Thermoelektrische Wandler: Nutzung von Abwärme wird wirtschaftlicher
Ob Stahlhersteller, Brauereien, Zementproduzenten oder Nahrungsmittelhersteller: In vielen Bereichen der Industrie und auch in Autos mit Verbrennungsmotor fällt Abwärme an, die nicht wirtschaftlich genutzt werden kann. Die Temperatur ist zu niedrig, als dass sie für Dampf etwa zur Stromerzeugung reichen könnte. Auch die Einspeisung in Fernwärmenetze ist keineswegs überall möglich. So landet eine Menge wertvolle Energie in der Atmosphäre.
Neuer Rohstoff kommt aus der Natur
Ein eleganter Weg ist der Einsatz von thermoelektrischen Generatoren, die Temperaturunterschiede direkt in elektrische Energie umwandeln. Heute eher sporadisch eingesetzte Geräte dieser Art verwenden jedoch teure oder toxische Elemente wie Tellur und Blei, weil diese Wärme am effizientesten umwandeln.
Ein Team um Emmanuel Guilmeau, Materialwissenschaftler am CRISMAT-Labor(öffnet im neuen Fenster) im französischen Caen, hat jetzt eine Alternative vorgestellt, die alle Probleme, die den Einsatz von thermoelektrischen Geräten behindern, auf einen Schlag lösen könnte. Das neuartige synthetische Material besteht aus Kupfer, Mangan, Germanium und Schwefel. Es wird aus natürlichen Sulfidmineralien auf Kupferbasis hergestellt. Diese bestehen hauptsächlich aus den gewünschten ungiftigen Elementen, von denen einige thermoelektrische Eigenschaften haben. Das neue Material ist deutlich billiger als die bisher verwendeten Werkstoffe.

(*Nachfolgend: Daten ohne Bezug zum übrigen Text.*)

Lemma even_vertices_above {H : hexagon} : equilateral H -> action_angle_defined H ->
  pz (v1 H) = 0 -> pz (v3 H) = 0 -> pz (v5 H) = 0 -> 0 < pz (v2 H) ->
  Delta H 2 <> 0 -> Delta H 4 <> 0 -> Delta H 6 <> 0 ->
  0 < pz (v4 H) /\ 0 < pz (v6 H).
Proof.
  intros Heq (_ & Hd2 & Hd3) Hz1 Hz3 Hz5 Hz2 N2 N4 N6.
  destruct (Rle_lt_dec (pz (v4 H)) 0) as [Hz4|Hz4], (Rle_lt_dec (pz (v6 H)) 0) as [Hz6|Hz6].
  - exfalso; apply N2.
    (* [vtx] reads indices mod 6, so [Delta H 8] computes to [Delta H 2]. *)
    change (Delta H 2) with (Delta H (4 + 2 + 2)). rewrite <- !Delta_hex_rot.
    apply Delta4_separated; simpl; nra.
  - exfalso; apply N4.
    apply Delta4_apex_below; try assumption;
      [exact (Heq 3%nat ltac:(lia)) | exact (Heq 4%nat ltac:(lia))].
  - exfalso; apply N6.
    change (Delta H 6) with (Delta H (4 + 2)). rewrite <- Delta_hex_rot.
    apply Delta4_apex_below; simpl; try assumption;
      [exact (Heq 5%nat ltac:(lia)) | exact (Heq 6%nat ltac:(lia))].
  - split; assumption.
Qed.

Lemma J_trefoil_curl1 {H : hexagon} : J H = (1, 1) \/ J H = (-1, 1) ->
  curl H = 1 /\ Delta H 2 <> 0 /\ Delta H 4 <> 0 /\ Delta H 6 <> 0.
Proof.
  unfold J. set (P := Delta H 2 * Delta H 4 * Delta H 6). intros HJ.
  assert (HP : P ^ 2 = 1 /\ P ^ 2 * curl H = 1).
  { destruct HJ as [E | E]; injection E as E1 E2; split;
      solve [rewrite E1; ring | rewrite <- E2; unfold P; ring]. }
  destruct HP as [HP Hc]. rewrite HP, Rmult_1_l in Hc.
  unfold P in HP. repeat split; [exact Hc | intros Z; rewrite Z in HP; lra ..].
Qed.

Lemma curl1_v2_above {H : hexagon} : standard_position H -> curl H = 1 -> 0 < pz (v2 H).
Proof.
  intros (E1 & Hx3 & Hy3 & Hz3 & Hz5 & Hy5) Hc.
  apply Rsgn_eq1 in Hc. unfold dot, cross, psub in Hc; simpl in Hc.
  rewrite E1, Hy3, Hz3, Hz5 in Hc; simpl in Hc.
  assert (0 < px (v3 H) * py (v5 H)) by nra.
  nra.
Qed.

Lemma sin_pos_angle th : 0 <= th < 2 * PI -> 0 < sin th -> 0 < th < PI.
Proof.
  intros Hth Hs. split.
  - destruct (Req_dec th 0) as [E|]; [rewrite E, sin_0 in Hs; lra | lra].
  - destruct (Rtotal_order th PI) as [|[E|Hgt]]; [assumption | |].
    + rewrite E, sin_PI in Hs; lra.
    + pose proof (sin_lt_0 th Hgt (proj2 Hth)); lra.
Qed.

Lemma angle_coord_above {p q r x : pt} {th : R} : is_angle_coord p q r x th ->
  pz p = 0 -> pz q = 0 -> 0 < dist q p < 2 -> 0 < pz x -> 0 < th < PI.
Proof.
  intros [Hth Hx] Hp Hq Hd Hz. apply sin_pos_angle; [exact Hth|].
  assert (Hperp : pz (perp_toward p q r) = 0)
    by (unfold perp_toward; cbv zeta; destruct (Rlt_dec _ _); simpl; ring).
  rewrite Hx in Hz; cbn [pz padd pscal midpoint ez] in Hz. rewrite Hperp, Hp, Hq in Hz.
  assert (0 < sqrt (4 - dist q p ^ 2)) by (apply sqrt_lt_R0; nra).
  nra.
Qed.
(* Let $n$ be even, let $r\le s\le 2r-1$, and let $m=s-r+1$ (the number of edges of $P^{(r)}_s$). Then $$\tau(n,P^{(r)}_s)\le \tau(n,LP^{(r)}_s)\le 2h(n,r,m)+h(n,r-1,m).$$
   Context: An ordered $r$-uniform hypergraph is an $r$-uniform hypergraph whose vertex set is linearly ordered. $K^{(r)}_n$ denotes the ordered complete $r$-uniform hypergraph on vertex set $[n]=\{1,\dots,n\}$ (natural order), whose edges are all $r$-subsets of $[n]$. A copy of an ordered hypergraph $H$ in $K^{(r)}_n$ is the image of $H$ under an order-preserving injection $f:V(H)\to[n]$ (its edges being the images $f(e)$, $e\in E(H)$). The natural (tight) path $P^{(r)}_s$ has vertices $v_1<\dots<v_s$ and its edges are all sets of $r$ consecutive vertices $\{v_j,\dots,v_{j+r-1}\}$, $1\le j\le s-r+1$. The loose path $LP^{(r)}_s$ is obtained from $P^{(r)}_s$ by keeping only its first edge $\{v_1,\dots,v_r\}$ and its last edge $\{v_{s-r+1},\dots,v_s\}$ (same vertex set and order). For an ordered $r$-uniform $H$, an $H$-transversal is a set of edges of $K^{(r)}_n$ meeting (the edge set of) every copy of $H$ in $K^{(r)}_n$, and $\tau(n,H)$ is the minimum size of an $H$-transversal. An interval partition $(X,Y,Z)$ of $[n]$ consists of consecutive (possibly empty) intervals $X<Y<Z$ with union $[n]$. A set $S\subseteq[n]$ is $m$-left-biased if there is an interval partition $(X,Y,Z)$ of $[n]$ with $|X|=|Z|$, $|X\cap S|=m$ and $|Z\cap S|=0$. $h(n,t,m)$ denotes the number of $t$-subsets of $[n]$ that are $m$-left-biased. *)

From mathcomp Require Import all_boot.
Set Implicit Arguments. Unset Strict Implicit. Unset Printing Implicit Defensive.

(* Vertex set [n] is represented by 'I_n = {0,...,n-1} with its natural order
   (order-isomorphic to {1,...,n}).  An ordered r-uniform hypergraph on s
   vertices is an edge set E : {set {set 'I_s}}. *)

(* order-preserving injection = strictly increasing map *)
Definition strict_incr s n (f : {ffun 'I_s -> 'I_n}) : bool :=
  [forall i : 'I_s, forall j : 'I_s, (i < j) ==> (f i < f j)].

Definition is_transversal n r s (E : {set {set 'I_s}}) (T : {set {set 'I_n}}) : bool :=
  [forall e in T, #|e| == r] &&
  [forall f : {ffun 'I_s -> 'I_n}, strict_incr f ==> [exists e in E, (f @: e) \in T]].

Definition rsets n r : {set {set 'I_n}} := [set e : {set 'I_n} | #|e| == r].

(* tau(n,H): minimum size of an H-transversal (the default value #|rsets n r|
   is an upper bound on the size of every transversal) *)
Definition tau n r s (E : {set {set 'I_s}}) : nat :=
  \big[minn/#|rsets n r|]_(T : {set {set 'I_n}} | is_transversal r E T) #|T|.

Definition seg s j r : {set 'I_s} := [set i : 'I_s | (j <= i) && (i < j + r)].

Definition tight_path r s : {set {set 'I_s}} :=
  [set e : {set 'I_s} | [exists j : 'I_s.+1, (j + r <= s) && (e == seg s j r)]].

Definition loose_path r s : {set {set 'I_s}} := [set seg s 0 r; seg s (s - r) r].

(* S is m-left-biased: there is an interval partition (X,Y,Z) of [n] with
   |X| = |Z| = a, i.e. X = [0,a), Z = [n-a,n), 2a <= n,
   |X ∩ S| = m and Z ∩ S = ∅. *)
Definition left_biased n m (S : {set 'I_n}) : bool :=
  [exists a : 'I_n.+1, (a + a <= n) &&
     (#|[set i in S | i < a]| == m) && ([set i in S | n - a <= i] == set0)].

Definition h n t m : nat := #|[set S : {set 'I_n} | (#|S| == t) && left_biased m S]|.

From HB Require Import structures.
From Pilot Require Import Defs.
From mathcomp Require Import all_boot zify.
Set Implicit Arguments. Unset Strict Implicit. Unset Printing Implicit Defensive.

(* Let x be the first vertex of the last edge of a loose-path copy (it is also
   the m-th vertex of the first edge) and y the last vertex of the first edge.
   If x + y < n - 1 the first edge is m-left-biased, with X = [0, x]; if
   x + y > n - 1 the mirror image of the last edge is.  If x + y = n - 1, then
   x < y because n is even, the first edge minus y is an m-left-biased
   (r-1)-set, and y is the mirror image n - 1 - x of its m-th element.  So the
   m-left-biased r-sets, their mirror images and the (r-1)-sets completed in
   this way form a transversal; the tight path contains the loose path. *)

HB.instance Definition _ := SemiGroup.isComLaw.Build nat minn minnA minnC.

Section Tau.
Variables n r s : nat.
Implicit Types (E : {set {set 'I_s}}) (T : {set {set 'I_n}}).

Lemma tau_le_card E T : Defs.is_transversal r E T -> tau n r E <= #|T|.
Proof.
by move=> TE; rewrite /tau (big_rem_AC _ _ _ _ (mem_index_enum T)) TE geq_minl.
Qed.

Lemma tau_le_rsets E : tau n r E <= #|rsets n r|.
Proof.
apply: (big_ind (fun k => k <= #|rsets n r|)) => // [k l kr _|T /andP[/forall_inP Tr _]].
  by rewrite geq_min kr.
by apply/subset_leq_card/subsetP => e /Tr; rewrite inE.
Qed.

Lemma tau_subgraph E E' : E \subset E' -> tau n r E' <= tau n r E.
Proof.
move=> sEE'; apply: (big_ind (fun k => tau n r E' <= k)) => [|k l ? ?|T /andP[Tr TE]].
- exact: tau_le_rsets.
- by rewrite leq_min; apply/andP.
apply: tau_le_card; rewrite /Defs.is_transversal Tr /=.
apply/forall_inP => f /(forall_inP TE) /exists_inP[e eE fe].
by apply/exists_inP; exists e; first exact: (subsetP sEE').
Qed.

End Tau.

Lemma loose_path_sub_tight_path r s : r <= s -> loose_path r s \subset tight_path r s.
Proof.
move=> r_le_s; apply/subsetP => e; rewrite !inE => /orP[]/eqP->; apply/existsP.
  by exists ord0; rewrite r_le_s eqxx.
have lt_s1 : s - r < s.+1 by rewrite ltnS leq_subr.
by exists (Ordinal lt_s1); rewrite /= subnK // leqnn eqxx.
Qed.

Section Segments.
Variable s : nat.

Lemma segS lo len (lt_s : lo + len < s) : seg s lo len.+1 = Ordinal lt_s |: seg s lo len.
Proof. by apply/setP => i; rewrite !inE -val_eqE /=; lia. Qed.

Lemma card_seg lo len : lo + len <= s -> #|seg s lo len| = len.
Proof.
elim: len => [_|len IH lt_s].
  by apply/eqP; rewrite cards_eq0; apply/eqP/setP => i; rewrite !inE; lia.
rewrite -addSnnS in lt_s; rewrite segS cardsU1 IH ?inE /=; lia.
Qed.

Lemma imset_rev_seg lo len :
  lo + len <= s -> @rev_ord s @: seg s lo len = seg s (s - (lo + len)) len.
Proof.
move=> le_s; apply/setP => i; rewrite inE -[i]rev_ordK mem_imset; last exact: rev_ord_inj.
by rewrite !inE /=; have := ltn_ord i; lia.
Qed.

End Segments.

Lemma left_biased_intro n m (S : {set 'I_n}) a :
  a + a <= n -> #|[set i in S | i < a]| = m -> {in S, forall i : 'I_n, i < n - a} ->
  left_biased m S.
Proof.
move=> le_n card_below below_n; have lt_n1 : a < n.+1 by lia.
apply/existsP; exists (Ordinal lt_n1); rewrite /= le_n card_below eqxx /=.
by apply/eqP/setP => i; rewrite !inE; apply/negbTE/andP => -[/below_n]; lia.
Qed.

Section StrictlyIncreasing.
Variables (s n : nat) (f : {ffun 'I_s -> 'I_n}).
Hypothesis f_incr : strict_incr f.

Lemma strict_incr_ltE i j : (f i < f j) = (i < j).
Proof.
have incr (k l : 'I_s) : k < l -> f k < f l.
  by move=> lt_kl; exact: (implyP (forallP (forallP f_incr k) l)).
case: (ltngtP i j) => [/incr //|/incr|/val_inj->]; last by rewrite ltnn.
by move=> lt_ji; apply/negbTE; rewrite -leqNgt ltnW.
Qed.

Lemma strict_incr_leE i j : (f i <= f j) = (i <= j).
Proof. by rewrite leqNgt strict_incr_ltE -leqNgt. Qed.

Lemma strict_incr_inj : injective f.
Proof. by move=> i j fij; apply/val_inj/eqP; rewrite eqn_leq -!strict_incr_leE fij leqnn. Qed.

Lemma card_prefix_le (j : 'I_s) k :
  j < k <= s -> #|[set i in f @: seg s 0 k | i <= f j]| = j.+1.
Proof.
move=> /andP[lt_jk le_ks].
have -> : [set i in f @: seg s 0 k | i <= f j] = f @: seg s 0 j.+1.
  apply/setP => i; rewrite inE; apply/andP/imsetP => [[/imsetP[c c_k ->]]|[c c_j ->]].
    by rewrite strict_incr_leE => le_cj; exists c; rewrite // inE; lia.
  by rewrite imset_f ?strict_incr_leE; move: c_j; rewrite !inE; lia.
by rewrite card_imset ?card_seg //; [lia | exact: strict_incr_inj].
Qed.

Lemma prefix_left_biased (j l : 'I_s) :
  j <= l -> f j + f l + 2 <= n -> left_biased j.+1 (f @: seg s 0 l.+1).
Proof.
move=> le_jl le_n; have le_fjl : f j <= f l by rewrite strict_incr_leE.
apply: (left_biased_intro (a := (f j).+1)); first lia.
  by apply: card_prefix_le; rewrite ltnS le_jl ltn_ord.
move=> _ /imsetP[c + ->]; rewrite inE => c_l.
have : f c <= f l by rewrite strict_incr_leE; lia.
lia.
Qed.

End StrictlyIncreasing.

Section Reversal.
Variables (s n : nat) (f : {ffun 'I_s -> 'I_n}).

Definition rev_copy : {ffun 'I_s -> 'I_n} := [ffun i => rev_ord (f (rev_ord i))].

Lemma rev_copy_strict_incr : strict_incr f -> strict_incr rev_copy.
Proof.
move=> f_incr; apply/forallP => i; apply/forallP => j; apply/implyP => lt_ij.
rewrite !ffunE /=; have := ltn_ord (f (rev_ord i)); have := ltn_ord (f (rev_ord j)).
have : f (rev_ord j) < f (rev_ord i) by rewrite strict_incr_ltE //=; have := ltn_ord j; lia.
lia.
Qed.

Lemma imset_rev_copy_seg lo len : lo + len <= s ->
  @rev_ord n @: (rev_copy @: seg s lo len) = f @: seg s (s - (lo + len)) len.
Proof.
move=> le_s; rewrite -imset_rev_seg // -!imset_comp.
by apply: eq_imset => i /=; rewrite ffunE rev_ordK.
Qed.

End Reversal.

(* Counting from 1: [nth_smallest S 1] is the least element of [S]. *)
Definition nth_smallest n (S : {set 'I_n}) k : option 'I_n :=
  [pick x in S | #|[set y in S | y <= x]| == k].

Lemma nth_smallest_rank n (S : {set 'I_n}) x :
  x \in S -> nth_smallest S #|[set y in S | y <= x]| = Some x.
Proof.
have rank_lt (u v : 'I_n) :
    v \in S -> u < v -> #|[set y in S | y <= u]| < #|[set y in S | y <= v]|.
  move=> vS lt_uv; apply/proper_card/properP; split.
    by apply/subsetP => w; rewrite !inE => /andP[-> le_wu]; exact: leq_trans (ltnW lt_uv).
  by exists v; rewrite !inE vS /=; lia.
move=> xS; rewrite /nth_smallest; case: pickP => [y /andP[yS /eqP rank_yx]|/(_ x)].
  by congr Some; case: (ltngtP y x) => [/(rank_lt _ _ xS)|/(rank_lt _ _ yS)|/val_inj];
    rewrite ?rank_yx ?ltnn.
by rewrite xS eqxx.
Qed.

Section BiasedTransversal.
Variables n r m : nat.

Definition biased_sets t : {set {set 'I_n}} :=
  [set S : {set 'I_n} | (#|S| == t) && left_biased m S].

Definition add_mirror (S : {set 'I_n}) : {set 'I_n} :=
  if nth_smallest S m is Some x then rev_ord x |: S else S.

Definition biased_transversal : {set {set 'I_n}} :=
  [set e in biased_sets r :|: [set @rev_ord n @: S | S : {set 'I_n} in biased_sets r]
            :|: [set add_mirror S | S : {set 'I_n} in biased_sets (r - 1)] | #|e| == r].

Lemma card_biased_transversal : #|biased_transversal| <= 2 * h n r m + h n (r - 1) m.
Proof.
rewrite /biased_transversal setIdE; apply: leq_trans (subset_leq_card (subsetIl _ _)) _.
apply: (leq_trans (leq_card_setU _ _).1); rewrite mul2n -addnn.
apply: leq_add; last exact: leq_imset_card.
apply: (leq_trans (leq_card_setU _ _).1); rewrite leq_add2l; exact: leq_imset_card.
Qed.

Lemma biased_sets_sub_transversal S : S \in biased_sets r -> S \in biased_transversal.
Proof. by rewrite !inE => /andP[-> ->]. Qed.

Lemma rev_biased_sets_sub_transversal S :
  S \in biased_sets r -> @rev_ord n @: S \in biased_transversal.
Proof.
move=> Sr; rewrite !inE imset_f ?orbT ?card_imset //; last exact: rev_ord_inj.
by move: Sr; rewrite inE => /andP[].
Qed.

Lemma add_mirror_sub_transversal S :
  S \in biased_sets (r - 1) -> #|add_mirror S| = r -> add_mirror S \in biased_transversal.
Proof. by move=> Sr1 card_r; rewrite !inE imset_f // orbT card_r eqxx. Qed.

End BiasedTransversal.

Section LoosePathCopies.
Variables n r s : nat.
Hypotheses (n_even : ~~ odd n) (r_gt0 : 0 < r) (r_le_s : r <= s) (s_lt_2r : s < 2 * r).
Let m := s - r + 1.

Fact last_start_subproof : s - r < s. Proof. lia. Qed.
Fact first_end_subproof : r - 1 < s. Proof. lia. Qed.
Let last_start := Ordinal last_start_subproof.
Let first_end := Ordinal first_end_subproof.

Lemma first_edge_biased f : strict_incr f ->
  f last_start + f first_end + 2 <= n -> f @: seg s 0 r \in biased_sets n m r.
Proof.
move=> f_incr le_n; rewrite inE card_imset ?card_seg ?eqxx //=; last exact: strict_incr_inj.
have le_pos : last_start <= first_end by rewrite /=; lia.
have := prefix_left_biased f_incr le_pos le_n.
by rewrite /= /m addn1 (_ : (r - 1).+1 = r) //; lia.
Qed.

Lemma first_edge_mirror_completion f : strict_incr f ->
  f last_start + f first_end = n.-1 -> f @: seg s 0 r \in biased_transversal n r m.
Proof.
move=> f_incr eq_n; have f_inj := strict_incr_inj f_incr.
have lt_pos : s - r < r - 1.
  rewrite ltn_neqAle (_ : s - r <= r - 1) ?andbT; last lia.
  apply/eqP => eq_pos; have same : last_start = first_end by apply: val_inj.
  rewrite same addnn in eq_n.
  have n_gt0 : 0 < n by exact: leq_ltn_trans (leq0n _) (ltn_ord (f first_end)).
  by move: n_even; rewrite -(prednK n_gt0) -eq_n /= odd_double.
have lt_r2 : r - 2 < s by lia.
pose prefix := f @: seg s 0 (r - 1).
have prefix_biased : prefix \in biased_sets n m (r - 1).
  rewrite inE card_imset ?card_seg ?eqxx //=; last lia.
  have := prefix_left_biased f_incr (j := last_start) (l := Ordinal lt_r2).
  rewrite /= /m addn1 (_ : (r - 2).+1 = r - 1); last lia.
  apply; first by rewrite /=; lia.
  have : f (Ordinal lt_r2) < f first_end by rewrite strict_incr_ltE //=; lia.
  lia.
have mirror : add_mirror m prefix = f @: seg s 0 r.
  rewrite /add_mirror (_ : m = #|[set y in prefix | y <= f last_start]|); last first.
    by rewrite card_prefix_le /m ?addn1 //=; lia.
  rewrite nth_smallest_rank; last by rewrite imset_f // inE /=; lia.
  have -> : rev_ord (f last_start) = f first_end.
    by apply: val_inj => /=; have := ltn_ord (f first_end); lia.
  rewrite (_ : seg s 0 r = first_end |: seg s 0 (r - 1)) ?imsetU1 //.
  by apply/setP => i; rewrite !inE -val_eqE /=; lia.
rewrite -mirror; apply: add_mirror_sub_transversal => //.
by rewrite mirror card_imset ?card_seg.
Qed.

Lemma loose_path_copy_meets f : strict_incr f ->
  [exists e in loose_path r s, f @: e \in biased_transversal n r m].
Proof.
move=> f_incr; apply/exists_inP.
have [lt_n|gt_n|eq_n] := ltngtP (f last_start + f first_end) n.-1.
- exists (seg s 0 r); first by rewrite !inE eqxx.
  apply/biased_sets_sub_transversal/first_edge_biased => //; lia.
- exists (seg s (s - r) r); first by rewrite !inE eqxx orbT.
  have := imset_rev_copy_seg f (lo := 0) (len := r); rewrite add0n => <- //.
  apply/rev_biased_sets_sub_transversal/first_edge_biased; first exact: rev_copy_strict_incr.
  rewrite !ffunE.
  have -> : rev_ord last_start = first_end by apply: val_inj => /=; lia.
  have -> : rev_ord first_end = last_start by apply: val_inj => /=; lia.
  by rewrite /=; have := ltn_ord (f first_end); have := ltn_ord (f last_start); lia.
exists (seg s 0 r); first by rewrite !inE eqxx.
exact: first_edge_mirror_completion.
Qed.

Lemma biased_transversal_is_transversal :
  Defs.is_transversal r (loose_path r s) (biased_transversal n r m).
Proof.
apply/andP; split; first by apply/forall_inP => e; rewrite inE => /andP[].
by apply/forallP => f; apply/implyP => /loose_path_copy_meets.
Qed.

End LoosePathCopies.

Unset Implicit Arguments.
Theorem theorem2p1 (n r s m : nat) :
  ~~ odd n -> 0 < r -> r <= s -> s <= 2 * r - 1 -> m = s - r + 1 ->
  tau n r (tight_path r s) <= tau n r (loose_path r s) /\
  tau n r (loose_path r s) <= 2 * h n r m + h n (r - 1) m.
Proof.
move=> n_even r_gt0 r_le_s s_le ->; split.
  exact/tau_subgraph/loose_path_sub_tight_path.
apply: leq_trans (card_biased_transversal n r _).
by apply/tau_le_card/biased_transversal_is_transversal => //; lia.
Qed.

Spezialbehandlung für den Rohstoff
Die natürlichen Mineralien werden fein gemahlen, Fremdmaterialien aussortiert. Zudem wird ein Teil des Mangans durch Kupfer ersetzt. Was übrig bleibt, landet in einer Kugelmühle, einem mit metallischen Kugeln gefüllten Behälter, der schnell rotiert. Die Kugeln prallen mit Wucht aufeinander und treffen natürlich auch die pulverförmigen Partikel, die sich bei dieser groben mechanischen Behandlung zu Clustern zusammenschließen. Diese werden in einer thermischen Behandlung bei 600 Grad Celsius verfestigt.
Stabil bis zu 400 Grad Celsius
So entstanden komplexe Mikrostrukturen, die den Transport von Elektronen und Wärme positiv beeinflussten. "Wir waren sehr überrascht über das Ergebnis", sagt Guilmeau. "Normalerweise hat eine leichte Veränderung der Zusammensetzung nämlich wenig Einfluss auf die Eigenschaften des Materials." Damit steht dem Einsatz in Thermogeneratoren nichts mehr im Weg. Auspuffwärme könnte beispielsweise genutzt werden, um Batterien von Plug-in-Hybriden aufzuladen, und alle Unternehmen, die bisher nutzlos verpuffende Abwärme produzieren, könnten ihre Stromrechnung reduzieren. Das Material ist bis zu einer Temperatur von 400 Grad Celsius stabil. Das Niveau von Abwärme liegt deutlich darunter.